1. Book your professional clean early
Late summer through early autumn is the quietest time for sweeps and the easiest time to get the date you want. Once winter approaches the calendar fills quickly — booking ahead means your heater is ready when the temperature drops.
2. Sort and season your firewood
Firewood needs at least 12 months of drying to burn cleanly in Tasmania. Stack it off the ground, under cover, with airflow on all sides. Wet wood is the number one cause of smoky, lazy fires and accelerated creosote build-up.
3. Inspect the obvious bits
- Check the door rope/seal — replace if compressed or frayed.
- Look up the flue (with a torch) for nests or debris.

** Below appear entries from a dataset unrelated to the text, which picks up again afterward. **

(* Let $\Omega_n=\dfrac{\pi^{n/2}}{\Gamma\left(\frac n2+1\right)}$ for $n\in\mathbb{N}_0$. Then \[ \left(1+\frac1n\right)^{\frac12-\frac1{4n}+\frac1{8n^2}}<\frac{\Omega_n^2}{\Omega_{n-1}\Omega_{n+1}} \] for every integer $n\ge5$, and \[ \frac{\Omega_n^2}{\Omega_{n-1}\Omega_{n+1}}<\left(1+\frac1n\right)^{\frac12-\frac1{4n}+\frac1{8n^2}+\frac1{48n^3}} \] for every integer $n\ge1$.
   Context: $\Omega_n$ is the volume of the unit ball in $\mathbb{R}^n$ ($\Omega_0=1$); $\Gamma$ is Euler's gamma function. *)

From Stdlib Require Import Reals.
From Coquelicot Require Import Coquelicot.
Open Scope R_scope.

Definition Gamma (x : R) : R :=
  RInt_gen (fun t => Rpower t (x - 1) * exp (- t))
           (at_right 0) (Rbar_locally p_infty).

(* Volume of the unit ball in R^n: Omega n = pi^(n/2) / Gamma(n/2 + 1). *)
Definition Omega (n : nat) : R :=
  Rpower PI (INR n / 2) / Gamma (INR n / 2 + 1).

(* With A_n := Omega_n^2 / (Omega_(n-1) Omega_(n+1)), the functional equation of Gamma gives
   A_n A_(n+1) = (n+2)/(n+1), and log-convexity of Gamma gives A_n >= 1.  Put
   F_n := ln A_n - p(n) ln(1 + 1/n) for an exponent p.  The product formula eliminates A from
   F_n - F_(n+2), which becomes an explicit combination of logarithms; bounding these by the
   series of artanh, it is positive for the lower exponent (n >= 5) and negative for the upper
   one (n >= 1).  Since F_n = O(1/n), F_n itself then has that sign. *)

From Stdlib Require Import Reals.
From Coquelicot Require Import Coquelicot.
From Stdlib Require Import Lra Lia Psatz Classical List.
Import ListNotations.
Open Scope R_scope.

Lemma ball_Rabs (x e y : R) : ball x e y <-> Rabs (y - x) < e.
Proof. reflexivity. Qed.

Section NonnegIntegrand.

Variable f : R -> R.
Hypothesis f_continuous : forall t, 0 < t -> continuous f t.
Hypothesis f_nonneg : forall t, 0 < t -> 0 <= f t.

Lemma ex_RInt_pos a b : 0 < a -> 0 < b -> ex_RInt f a b.
Proof.
  intros Ha Hb. apply (@ex_RInt_continuous R_CompleteNormedModule).
  intros t Ht. apply f_continuous.
  assert (0 < Rmin a b) by (apply Rmin_glb_lt; lra). lra.
Qed.

Lemma RInt_pos_ge0 a b : 0 < a <= b -> 0 <= RInt f a b.
Proof.
  intros Hab. apply RInt_ge_0; [lra | apply ex_RInt_pos; lra |].
  intros t Ht. apply f_nonneg. lra.
Qed.

Lemma RInt_pos_le_sub a' a b b' :
  0 < a' <= a -> a <= b -> b <= b' -> RInt f a b <= RInt f a' b'.
Proof.
  intros Ha Hab Hb.
  rewrite <- (RInt_Chasles f a' a b') by (apply ex_RInt_pos; lra).
  rewrite <- (RInt_Chasles f a b b') by (apply ex_RInt_pos; lra).
  assert (0 <= RInt f a' a) by (apply RInt_pos_ge0; lra).
  assert (0 <= RInt f b b') by (apply RInt_pos_ge0; lra).
  unfold plus; simpl. lra.
Qed.

Lemma RInt_pos_le_of_dominated M :
  0 <= M -> (forall t, 0 < t -> f t <= M / (1 + t) ^ 2) ->
  forall a b, 0 < a <= b -> RInt f a b <= M.
Proof.
  intros HM Hdom a b Hab.
  set (g := fun t => M / (1 + t) ^ 2).
  set (G := fun t => - M / (1 + t)).
  assert (Hg : is_RInt g a b (minus (G b) (G a))).
  { apply (@is_RInt_derive R_CompleteNormedModule); intros t Ht;
      rewrite Rmin_left, Rmax_right in Ht by lra.
    - unfold g, G. auto_derive; [lra | field; lra].
    - apply (ex_derive_continuous g). unfold g. auto_derive.
      nra. }
  apply Rle_trans with (RInt g a b).
  - apply RInt_le; [lra | apply ex_RInt_pos; lra | eexists; exact Hg |].
    intros t Ht. apply Hdom. lra.
  - rewrite (is_RInt_unique _ _ _ _ Hg). unfold G, minus, plus, opp; simpl.
    assert (0 <= M / (1 + b)) by (apply Rdiv_le_0_compat; lra).
    assert (M / (1 + a) <= M).
    { apply Rmult_le_reg_r with (1 + a). lra.
      unfold Rdiv. rewrite Rmult_assoc, Rinv_l by lra. nra. }
    unfold Rdiv in *. lra.
Qed.

Lemma is_RInt_gen_pos_sup :
  (exists M, forall a b, 0 < a <= b -> RInt f a b <= M) ->
  exists G, is_RInt_gen f (at_right 0) (Rbar_locally p_infty) G /\
            forall a b, 0 < a <= b -> RInt f a b <= G.
Proof.
  intros [M HM].
  set (E := fun v => exists a b, 0 < a <= b /\ v = RInt f a b).
  destruct (completeness E) as [G [HGub HGleast]].
  { exists M. intros v (a & b & Hab & ->). auto. }
  { exists (RInt f 1 1), 1, 1. split; [lra | reflexivity]. }
  assert (Hup : forall a b, 0 < a <= b -> RInt f a b <= G).
  { intros a b Hab. apply HGub. exists a, b. auto. }
  exists G. split; [| exact Hup].
  intros P [eps HP].
  assert (Hclose : exists a b, 0 < a <= b /\ G - eps < RInt f a b).
  { apply NNPP. intros Hnone.
    assert (G <= G - eps).
    { apply HGleast. intros v (a & b & Hab & ->).
      apply Rnot_lt_le. intros Hlt. apply Hnone. exists a, b. auto. }
    destruct eps; simpl in *; lra. }
  destruct Hclose as (a0 & b0 & Hab0 & Hlt).
  apply Filter_prod with (Q := fun a => 0 < a < a0) (R := fun b => b0 < b).
  - exists (mkposreal a0 (proj1 Hab0)). intros a Ha Hpos.
    apply ball_Rabs, Rabs_lt_between' in Ha. simpl in Ha. lra.
  - exists b0. auto.
  - intros a b Ha Hb. exists (RInt f a b). split.
    + apply (@RInt_correct R_CompleteNormedModule), ex_RInt_pos; lra.
    + apply HP, ball_Rabs, Rabs_lt_between'.
      assert (RInt f a0 b0 <= RInt f a b) by (apply RInt_pos_le_sub; lra).
      assert (RInt f a b <= G) by (apply Hup; lra).
      lra.
Qed.

End NonnegIntegrand.

Definition gamma_integrand (s t : R) : R := Rpower t s * exp (- t).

- Sweep ash from the firebox; leave a thin bed of ash for insulation.
- Check the cowl from outside — it should be intact and clear.

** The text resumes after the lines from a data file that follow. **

(* Pairwise statistical parity $PSP$ satisfies monotonicity but does not satisfy deepness. Here (for rankings $r$ of the full population $\mathcal D$, $n=|\mathcal D|$): monotonicity means that for every population $\mathcal D$, every ranking $r$ of $\mathcal D$ and positions $i<j$ with $r(i)\in G_0$, $r(j)\in G_1$ and $y(r(i))\le y(r(j))$, one has $PSP(r_{i\leftrightarrow j})>PSP(r)$; deepness means that for every population $\mathcal D$, every ranking $r$ of $\mathcal D$ and positions $i<j$ (with $j+1\le n$) such that $y(r(i))=y(r(j))$, $y(r(i+1))=y(r(j+1))$, and either ($r(i),r(j)\in G_0$ and $r(i+1),r(j+1)\in G_1$) or ($r(i),r(j)\in G_1$ and $r(i+1),r(j+1)\in G_0$), one has $|PSP(r)-PSP(r_{i\leftrightarrow i+1})|>|PSP(r)-PSP(r_{j\leftrightarrow j+1})|$.
   Context: A population is a finite set $\mathcal{D}$ of candidates partitioned into two nonempty groups, a non-protected group $G_0$ and a protected group $G_1$; each candidate $d$ has a relevance score $y(d)\in\mathbb R$. A ranking of $\mathcal D$ is a bijection $r:\{1,\dots,n\}\to\mathcal D$, $n=|\mathcal D|$; $d\succ_r d'$ means $d$ is at a smaller position than $d'$; $r_{i\leftrightarrow j}$ is $r$ with the candidates at positions $i,j$ swapped. Pairwise statistical parity (defined only for rankings of the full population): $PSP(r)=\frac{|\{(d,d')\in G_0\times G_1: d'\succ_r d\}|-|\{(d,d')\in G_0\times G_1: d\succ_r d'\}|}{|G_0\times G_1|}$. *)

From HB Require Import structures.
From mathcomp Require Import all_boot all_order all_algebra.
From mathcomp Require Import reals.
Set Implicit Arguments. Unset Strict Implicit. Unset Printing Implicit Defensive.
Import Order.TTheory GRing.Theory Num.Theory.
Local Open Scope ring_scope.

(* A population: a finite type T of candidates, with group membership
   [g : T -> bool] (g d = false : d in G0, non-protected;
   g d = true : d in G1, protected) and relevance scores y : T -> R. *)

(* A ranking of T: a bijection from positions 'I_n (0-based) onto T, n = #|T|. *)
Definition ranking (T : finType) (r : 'I_#|T| -> T) : Prop := bijective r.

Definition ranked_above (T : finType) (r : 'I_#|T| -> T) (d d' : T) : bool :=
  [exists i : 'I_#|T|, exists j : 'I_#|T|, [&& r i == d, r j == d' & (i < j)%N]].

Definition swap (T : finType) (r : 'I_#|T| -> T) (i j : 'I_#|T|) : 'I_#|T| -> T :=
  fun k => if k == i then r j else if k == j then r i else r k.

Definition PSP (R : realType) (T : finType) (g : T -> bool) (r : 'I_#|T| -> T) : R :=
  ((#|[set p : T * T | [&& ~~ g p.1, g p.2 & ranked_above r p.2 p.1]]|%:R
    - #|[set p : T * T | [&& ~~ g p.1, g p.2 & ranked_above r p.1 p.2]]|%:R)
   / (#|[set p : T * T | ~~ g p.1 && g p.2]|)%:R).

Definition population (T : finType) (g : T -> bool) : Prop :=
  (exists d, ~~ g d) /\ (exists d, g d).

Definition monotone (R : realType) : Prop :=
  forall (T : finType) (g : T -> bool) (y : T -> R), population g ->
  forall r : 'I_#|T| -> T, ranking r ->
  forall i j : 'I_#|T|, (i < j)%N -> ~~ g (r i) -> g (r j) -> y (r i) <= y (r j) ->
  PSP R g (swap r i j) > PSP R g r.

Definition deep (R : realType) : Prop :=
  forall (T : finType) (g : T -> bool) (y : T -> R), population g ->
  forall r : 'I_#|T| -> T, ranking r ->
  forall i j i1 j1 : 'I_#|T|, (i < j)%N ->
  val i1 = (val i).+1 -> val j1 = (val j).+1 ->
  y (r i) = y (r j) -> y (r i1) = y (r j1) ->
  ((~~ g (r i) /\ ~~ g (r j) /\ g (r i1) /\ g (r j1)) \/
   (g (r i) /\ g (r j) /\ ~~ g (r i1) /\ ~~ g (r j1))) ->
  `|PSP R g r - PSP R g (swap r i i1)| > `|PSP R g r - PSP R g (swap r j j1)|.

(** Write A(r) for the set of pairs (d, d') in G0 x G1 with d' ranked above d,
    and C = |G0 x G1|.  For a ranking, every pair of C is ordered one way or the
    other, so PSP(r) = (2 |A(r)| - C) / C and PSP is strictly increasing in
    |A(r)|.  Swapping a candidate of G0 at position i with a candidate of G1 at
    a later position j keeps every pair of A(r) in order and adds the pair
    (r(i), r(j)), so PSP strictly increases.  When j = i + 1 that pair is the
    only change, so every such adjacent swap raises PSP by exactly 2 / C: two
    of them at different depths move PSP equally, contradicting deepness (take
    the ranking G0, G1, G0, G1 with constant scores). *)
From mathcomp Require Import all_boot all_order all_algebra reals perm.
From mathcomp Require Import zify ring lra.
Set Implicit Arguments. Unset Strict Implicit. Unset Printing Implicit Defensive.
Import Order.TTheory GRing.Theory Num.Theory.
Local Open Scope ring_scope.

Lemma val_tperm n (i j k : 'I_n) :
  val (tperm i j k) = if k == i then val j else if k == j then val i else val k.
Proof.
case: tpermP => [->|->|/eqP/negbTE -> /eqP/negbTE ->]; rewrite ?eqxx //.
by case: eqP => [->|].
Qed.

Lemma tperm_ltn n (i j k l : 'I_n) : (i < j)%N -> k != i -> l != j ->
  (k < l)%N -> (tperm i j k < tperm i j l)%N.
Proof. by rewrite !val_tperm -!val_eqE; repeat case: eqP => /=; lia. Qed.

Lemma tperm_ltn_adj n (i j k l : 'I_n) : val j = (val i).+1 ->
  (k, l) != (i, j) -> (k < l)%N -> (tperm i j k < tperm i j l)%N.
Proof. by rewrite xpair_eqE !val_tperm -!val_eqE; repeat case: eqP => /=; lia. Qed.

Section Rankings.
Variable T : finType.
Local Notation n := #|T|.

Lemma ranked_aboveE (r : 'I_n -> T) h : cancel r h -> cancel h r ->
  forall d d', ranked_above r d d' = (h d < h d')%N.
Proof.
move=> rK hK d d'; apply/existsP/idP => [[k /existsP [l /and3P [/eqP <- /eqP <- kl]]]|lt].
  by rewrite !rK.
by exists (h d); apply/existsP; exists (h d'); rewrite !hK !eqxx.
Qed.

Lemma swap_tperm (r : 'I_n -> T) i j k : swap r i j k = r (tperm i j k).
Proof.
rewrite /swap; case: tpermP => [->|->|/eqP/negbTE -> /eqP/negbTE ->]; rewrite ?eqxx //.
by case: eqP => [->|].
Qed.

Lemma swap_can (r : 'I_n -> T) h i j : cancel r h -> cancel h r ->
  cancel (swap r i j) (tperm i j \o h) /\ cancel (tperm i j \o h) (swap r i j).
Proof. by move=> rK hK; split => x /=; rewrite swap_tperm ?rK tpermK ?hK. Qed.

Lemma ranking_swap (r : 'I_n -> T) i j : ranking r -> ranking (swap r i j).
Proof. by case=> h rK hK; have [sK sK'] := swap_can i j rK hK; exists (tperm i j \o h). Qed.

Lemma ranked_above_swap (r : 'I_n -> T) h i j : cancel r h -> cancel h r ->
  forall d d', ranked_above (swap r i j) d d' = (tperm i j (h d) < tperm i j (h d'))%N.
Proof. by move=> rK hK d d'; have [sK sK'] := swap_can i j rK hK; rewrite (ranked_aboveE sK sK'). Qed.

End Rankings.

Section PairwiseParity.
Variables (T : finType) (g : T -> bool).
Local Notation n := #|T|.

Definition mixed_pairs := [set p : T * T | ~~ g p.1 && g p.2].

Definition protected_above (r : 'I_n -> T) :=
  [set p : T * T | [&& ~~ g p.1, g p.2 & ranked_above r p.2 p.1]].

Lemma PSP_protected_above (R : realType) (r : 'I_n -> T) : ranking r ->
  PSP R g r = (2 * #|protected_above r|%:R - #|mixed_pairs|%:R) / #|mixed_pairs|%:R.
Proof.
case=> h rK hK.
set B := [set p : T * T | [&& ~~ g p.1, g p.2 & ranked_above r p.1 p.2]].
have partition_mixed : (#|protected_above r| + #|B| = #|mixed_pairs|)%N.
  rewrite -cardsUI.
  have -> : protected_above r :&: B = set0.
    apply/setP => [[a b]]; rewrite !inE /= !(ranked_aboveE rK hK).
    by apply/negP => /andP [/and3P [_ _ ba] /and3P [_ _ ab]]; lia.
  have -> : protected_above r :|: B = mixed_pairs.
    apply/setP => [[a b]]; rewrite !inE /= !(ranked_aboveE rK hK).
    case ga: (g a) => //=; case gb: (g b) => //=.
    case: ltngtP => // /val_inj hab.
    by move: ga; rewrite -(hK a) -hab hK gb.
  by rewrite cards0 addn0.
rewrite /PSP -/(protected_above r) -/B -/mixed_pairs -partition_mixed natrD.
by congr (_ / _); ring.
Qed.

Section Swap.
Variables (r : 'I_n -> T) (h : T -> 'I_n) (i j : 'I_n).
Hypotheses (rK : cancel r h) (hK : cancel h r).
Hypotheses (gi : ~~ g (r i)) (gj : g (r j)).

Lemma swapped_pair_protected_above : (i < j)%N ->
  (r i, r j) \in protected_above (swap r i j) :\: protected_above r.
Proof.
move=> ij; rewrite !inE /= (ranked_aboveE rK hK) (ranked_above_swap i j rK hK).
by rewrite !rK tpermL tpermR gi gj ij /= -leqNgt ltnW.
Qed.

Lemma protected_above_swap_sub : (i < j)%N ->
  protected_above r \subset protected_above (swap r i j).
Proof.
move=> ij; apply/subsetP => -[a b]; rewrite !inE /=.
rewrite (ranked_aboveE rK hK) (ranked_above_swap i j rK hK).
case/and3P => ga gb ba; rewrite ga gb; apply: tperm_ltn => //.
  by apply: contraTneq gb => hbi; rewrite -(hK b) hbi.
by apply: contraNneq ga => haj; rewrite -(hK a) haj.
Qed.

Lemma protected_above_swap_adj : val j = (val i).+1 ->
  protected_above (swap r i j) = (r i, r j) |: protected_above r.
Proof.
move=> ji; have ij : (i < j)%N by rewrite ji.
have /setDP [pair_in _] := swapped_pair_protected_above ij.
apply/eqP; rewrite eqEsubset subUset sub1set pair_in (protected_above_swap_sub ij) !andbT.
apply/subsetP => -[a b]; rewrite !inE /=.
rewrite (ranked_aboveE rK hK) (ranked_above_swap i j rK hK).
case/and3P => ga gb ba; rewrite ga gb /=.
have [[hb ha]|ab_ij] := eqVneq (tperm i j (h b), tperm i j (h a)) (i, j).
  by rewrite -(hK a) -(hK b) -(tpermK i j (h a)) -(tpermK i j (h b)) ha hb tpermL tpermR eqxx.
by rewrite -(tpermK i j (h a)) -(tpermK i j (h b)) (tperm_ltn_adj ji ab_ij ba) orbT.
Qed.

Lemma PSP_swap_lt (R : realType) : (0 < #|mixed_pairs|)%N -> (i < j)%N ->
  PSP R g r < PSP R g (swap r i j).
Proof.
move=> C_gt0 ij; have rr : ranking r by exists h.
have rs := ranking_swap i j rr.
rewrite !PSP_protected_above // ltr_pM2r ?invr_gt0 ?ltr0n //.
have : #|protected_above r|%:R < #|protected_above (swap r i j)|%:R :> R.
  have /setDP [pair_in pair_notin] := swapped_pair_protected_above ij.
  rewrite ltr_nat proper_card // properE protected_above_swap_sub //=.
  by apply: contra pair_notin => /subsetP; apply.
lra.
Qed.

Lemma PSP_swap_adj (R : realType) : val j = (val i).+1 ->
  PSP R g (swap r i j) = PSP R g r + 2 / #|mixed_pairs|%:R.
Proof.
move=> ji; have rr : ranking r by exists h.
have rs := ranking_swap i j rr.
have pair_notin : (r i, r j) \notin protected_above r.
  by have /setDP [] := swapped_pair_protected_above (eq_leq (esym ji)).
rewrite !PSP_protected_above // protected_above_swap_adj //.
by rewrite cardsU1 pair_notin natrD mulr1n; ring.
Qed.

End Swap.
End PairwiseParity.

Lemma mixed_pairs_gt0 (T : finType) (g : T -> bool) : population g ->
  (0 < #|mixed_pairs g|)%N.
Proof.
by case=> -[d0 g0] [d1 g1]; apply/card_gt0P; exists (d0, d1); rewrite inE /= g0 g1.
Qed.

Lemma PSP_monotone (R : realType) : monotone R.
Proof.
move=> T g y pop r [h rK hK] i j ij gi gj _.
exact: PSP_swap_lt rK hK gi gj R (mixed_pairs_gt0 pop) ij.
Qed.

Lemma PSP_not_deep (R : realType) : ~ deep R.
Proof.
pose T := 'I_4; pose g (d : T) := odd d.
pose r : 'I_#|T| -> T := cast_ord (card_ord 4).
pose h : T -> 'I_#|T| := cast_ord (esym (card_ord 4)).
have rK : cancel r h by move=> x; rewrite /r /h cast_ordK.
have hK : cancel h r by move=> x; rewrite /r /h cast_ordKV.
have pop : population g by split; [exists (inord 0) | exists (inord 1)]; rewrite /g inordK.
pose p k := h (inord k).
have pE k : r (p k) = inord k by rewrite /p hK.
have [p01 p23] : val (p 1%N) = (val (p 0%N)).+1 /\ val (p 3%N) = (val (p 2%N)).+1.
  by rewrite /p /= !inordK.
have [g0 g1 g2 g3] : [/\ ~~ g (r (p 0%N)), g (r (p 1%N)), ~~ g (r (p 2%N)) & g (r (p 3%N))].
  by rewrite !pE /g !inordK.
move/(_ T g (fun=> 0) pop r (Bijective rK hK) (p 0%N) (p 2%N) (p 1%N) (p 3%N)).
have p02 : (p 0%N < p 2%N)%N by rewrite /p /= !inordK.
move/(_ p02 p01 p23 erefl erefl (or_introl (conj g0 (conj g2 (conj g1 g3))))).
by rewrite (PSP_swap_adj rK hK g0 g1 R p01) (PSP_swap_adj rK hK g2 g3 R p23) ltxx.
Qed.

Theorem theorem11 (R : realType) : monotone R /\ ~ deep R.
Proof. by split; [exact: PSP_monotone | exact: PSP_not_deep]. Qed.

4. Run a small “break-in” fire
Once your professional clean is done, light a small fire on a mild day to check the draught and bed everything in. Open a nearby window briefly to help the flue establish a strong upward flow on a cold start.
5. Test smoke alarms
While you're thinking about it: press the test button on every smoke alarm and replace batteries that haven't been changed in 12 months. It's the easiest five-minute job in the home.

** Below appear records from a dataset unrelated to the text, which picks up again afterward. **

(* In the block regularized minimum distance (RMD) setting of the context, suppose conditions (B1)–(B4) hold. If $\|\boldsymbol\theta_0\|_1^{(d,\tilde d)}\le K$ and the regularization parameter satisfies $\gamma_n\lesssim(K+1)\epsilon_{n1}+\epsilon_2$, then with probability at least $1-(\delta_{n1}+\delta_{n2})$ the block RMD estimator $\widehat{\boldsymbol\theta}$ satisfies $$\|\widehat{\boldsymbol\theta}-\boldsymbol\theta_0\|_1^{(d,\tilde d)}\lesssim s\mu^{-2}\{(K+1)\epsilon_{n1}+\epsilon_2\}.$$
   Context: Block norms: for a block matrix $\mathbf B=(\mathbf B_{ij})_{i\in[N_1],j\in[N_2]}$ with blocks $\mathbf B_{ij}\in\mathbb R^{m_1\times m_2}$, $\|\mathbf B\|^{(m_1,m_2)}_{\max}=\max_{i,j}\|\mathbf B_{ij}\|_F$; if $N_2=1$, $\|\mathbf B\|^{(m_1,m_2)}_1=\sum_i\|\mathbf B_i\|_F$. Setting: integers $p,d,\tilde d,L\ge1$, $q=pL$. The unknown $\boldsymbol\theta_0=(\boldsymbol\theta_{01}^{\mathrm T},\dots,\boldsymbol\theta_{0p}^{\mathrm T})^{\mathrm T}\in\mathbb R^{pd\times\tilde d}$, $\boldsymbol\theta_{0j}\in\mathbb R^{d\times\tilde d}$, is block $s$-sparse: $S=\{j:\|\boldsymbol\theta_{0j}\|_F\ne0\}$, $s=|S|$. There are a matrix $\mathbf G\in\mathbb R^{qd\times pd}$ (viewed as $q\times p$ blocks of size $d\times d$), $\mathbf g(\mathbf 0)\in\mathbb R^{qd\times\tilde d}$ and a bias $\mathbf R\in\mathbb R^{qd\times\tilde d}$ with $\mathbf G\boldsymbol\theta_0+\mathbf g(\mathbf 0)+\mathbf R=\mathbf 0$; write $\mathbf g(\boldsymbol\theta)=\mathbf G\boldsymbol\theta+\mathbf g(\mathbf 0)$. Given random empirical versions $\widehat{\mathbf G},\widehat{\mathbf g}(\mathbf 0)$ and $\widehat{\mathbf g}(\boldsymbol\theta)=\widehat{\mathbf G}\boldsymbol\theta+\widehat{\mathbf g}(\mathbf 0)$, the block RMD estimator is a solution $$\widehat{\boldsymbol\theta}\in\arg\min_{\boldsymbol\theta\in\mathbb R^{pd\times\tilde d}}\|\boldsymbol\theta\|_1^{(d,\tilde d)}\ \text{ subject to }\ \|\widehat{\mathbf g}(\boldsymbol\theta)\|^{(d,\tilde d)}_{\max}\le\gamma_n,$$ with $\gamma_n\ge0$. For $J\subset[q]$, $M\subset[p]$, $\mathbf G_{J,M}$ is the block submatrix with block rows in $J$ and block columns in $M$; $\sigma_{\min}(m,\mathbf G)=\min_{|M|\le m}\max_{|J|\le m}\sigma_{\min}(\mathbf G_{J,M})$ and $\sigma_{\max}(m,\mathbf G)=\max_{|M|\le m}\max_{|J|\le m}\sigma_{\max}(\mathbf G_{J,M})$, where $\sigma_{\min},\sigma_{\max}$ denote smallest and largest singular values. Conditions: (B1) there are $\epsilon_{n1},\delta_{n1}>0$ with $\|\widehat{\mathbf G}-\mathbf G\|^{(d,d)}_{\max}\vee\|\widehat{\mathbf g}(\mathbf 0)-\mathbf g(\mathbf 0)\|^{(d,\tilde d)}_{\max}\le\epsilon_{n1}$ with probability at least $1-\delta_{n1}$. (B2) $\|\mathbf R\|^{(d,\tilde d)}_{\max}\le\epsilon_2$ for some $\epsilon_2>0$. (B3) there is $\delta_{n2}>0$ with $\|\widehat{\mathbf g}(\boldsymbol\theta_0)\|^{(d,\tilde d)}_{\max}\le\gamma_n$ with probability at least $1-\delta_{n2}$. (B4) there are a universal constant $c_5>0$ and $\mu>0$ with $\sigma_{\max}(m,\mathbf G)\ge c_5$ and $\sigma_{\min}(m,\mathbf G)/\sigma_{\max}(m,\mathbf G)\ge\mu$ for $m=16s/\mu^2$. The symbol $\lesssim$ hides constants independent of $(n,p,d,s,K,\mu)$. *)

From HB Require Import structures.
From mathcomp Require Import all_boot all_order all_algebra.
From mathcomp Require Import all_classical all_reals all_analysis.
Set Implicit Arguments. Unset Strict Implicit. Unset Printing Implicit Defensive.
Import Order.TTheory GRing.Theory Num.Theory.
Local Open Scope classical_set_scope.
Local Open Scope ring_scope.

Section BlockDefs.
Variable R : realType.

Definition frob (a b : nat) (A : 'M[R]_(a, b)) : R :=
  Num.sqrt (\sum_(i < a) \sum_(j < b) A i j ^+ 2).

Leave the safety items to a professional
Internal flue inspections, cracked baffles, perished seals, and creosote-stage assessment all need the right tools and experience. A short visit covers it all in one go — and gives you a clear written summary.
A note on safety: chimney and flue issues can become serious quickly. When in doubt, leave the heater unlit and call a qualified sweep — a short visit beats guessing.